I'm unsure where I indicated that, but apologize for the confusion. I was initially pushing back against your original criticism of something like Alphafold having needed to be built first.Like you suggest, simple can mean many things. I think it's clear that in this context they mean "simple" (not from an absolute sense) in terms of the architectural design. I think the abstract is more than sufficient to convey this.
> My point was just that to compare apples to apples
As a ML researcher who does a lot of work on architecture and efficiency, I think they are. Consider this from the end of the abstract | SimpleFold shows efficiency in deployment and inference on consumer-level hardware.

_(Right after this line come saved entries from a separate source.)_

(* Assume $\mathcal{T}$ is a tree. Fix $(i_0,j_0)\in\mathcal{E}$ such that $\mu_{i_0j_0}\ge\theta_{i_0}$. There is a constant $m_7$ such that for all measurable locally bounded functions $w_i,x_i$ ($i\in\mathcal{I}$) and $\psi_{ij}$ (with $\psi_{ij}=0$ for $i\not\sim j$) on $[0,\infty)$ satisfying, with $y(t):=(e\cdot x(t))^+e_{i_0}\in\mathbb{R}^I$ and $z(t):=(e\cdot x(t))^-e_{j_0}\in\mathbb{R}^J$, $$x_i(t)=w_i(t)-\sum_{j\in\mathcal{J}}\mu_{ij}\int_0^t\psi_{ij}(s)ds-\theta_i\int_0^ty_i(s)ds,\quad \sum_{j\in\mathcal{J}}\psi_{ij}=x_i-y_i\ (i\in\mathcal{I}),\quad \sum_{i\in\mathcal{I}}\psi_{ij}=-z_j\ (j\in\mathcal{J}),$$ we have $\|x(t)\|\le m_7(1+t)^{m_7}\|w\|_t^*$ for all $t\ge0$, where $m_7$ does not depend on $w$ and $t$.
   Context: $\mathcal{I}=\{1,\dots,I\}$, $\mathcal{J}=\{I+1,\dots,I+J\}$, $\mathcal{E}\subset\mathcal{I}\times\mathcal{J}$, $i\sim j$ iff $(i,j)\in\mathcal{E}$; $\mathcal{T}$ is the bipartite graph with vertices $\mathcal{I}\cup\mathcal{J}$ and edges $\mathcal{E}$. Constants $\mu_{ij}>0$ for $(i,j)\in\mathcal{E}$, $\mu_{ij}=0$ otherwise, $\theta_i\ge0$. $e=(1,\dots,1)'$; $e_{i_0}$ (resp. $e_{j_0}$) denotes the coordinate unit vector in $\mathbb{R}^I$ (resp. $\mathbb{R}^J$, indexed by $\mathcal{J}$) for coordinate $i_0$ (resp. $j_0$); $a^\pm$ positive/negative parts. $\|x\|=\sum|x_i|$, $\|w\|_t^*=\sup_{s\le t}\|w(s)\|$. *)

From HB Require Import structures.
From mathcomp Require Import all_boot all_order all_algebra.
From mathcomp Require Import all_classical all_reals all_analysis.
Set Implicit Arguments. Unset Strict Implicit. Unset Printing Implicit Defensive.
Import Order.TTheory GRing.Theory Num.Theory.
Import numFieldNormedType.Exports.
Local Open Scope classical_set_scope.
Local Open Scope ring_scope.

Definition bip_adj (nI nJ : nat) (E : 'I_nI -> 'I_nJ -> bool) :
    rel ('I_nI + 'I_nJ)%type :=
  fun u v => match u, v with
             | inl i, inr j => E i j
             | inr j, inl i => E i j
             | _, _ => false
             end.

Definition is_tree (nI nJ : nat) (E : 'I_nI -> 'I_nJ -> bool) : Prop :=
  (forall u v : ('I_nI + 'I_nJ)%type, connect (bip_adj E) u v) /\
  (forall p : seq ('I_nI + 'I_nJ)%type,
      uniq p -> (2 < size p)%N -> ~~ cycle (bip_adj E) p).

Definition pos_part {R : realType} (a : R) : R := Num.max a 0.
Definition neg_part {R : realType} (a : R) : R := Num.max (- a) 0.

Definition integ0 {R : realType} (f : R -> R) (t : R) : R :=
  \int[lebesgue_measure]_(s in `[0, t]) f s.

To me they are clearly stating that their goal isn't to get the top score on a benchmark. Their appendix shows that the 100M param is apples to apples to alphafold2 by size but not by compute. Even their 3B model uses less compute then alphafold2.So being someone in a neighboring niche, I don't understand your claim. There's no easy way to make your comparisons "apples to apples" because we shouldn't be evaluating on a single metric. Sure, alphafold2 gives better results on the benchmarks but does that mean people wouldn't sacrifice performance for a 450x reduction in compute? (20x for their largest model. But note that compute, not memory).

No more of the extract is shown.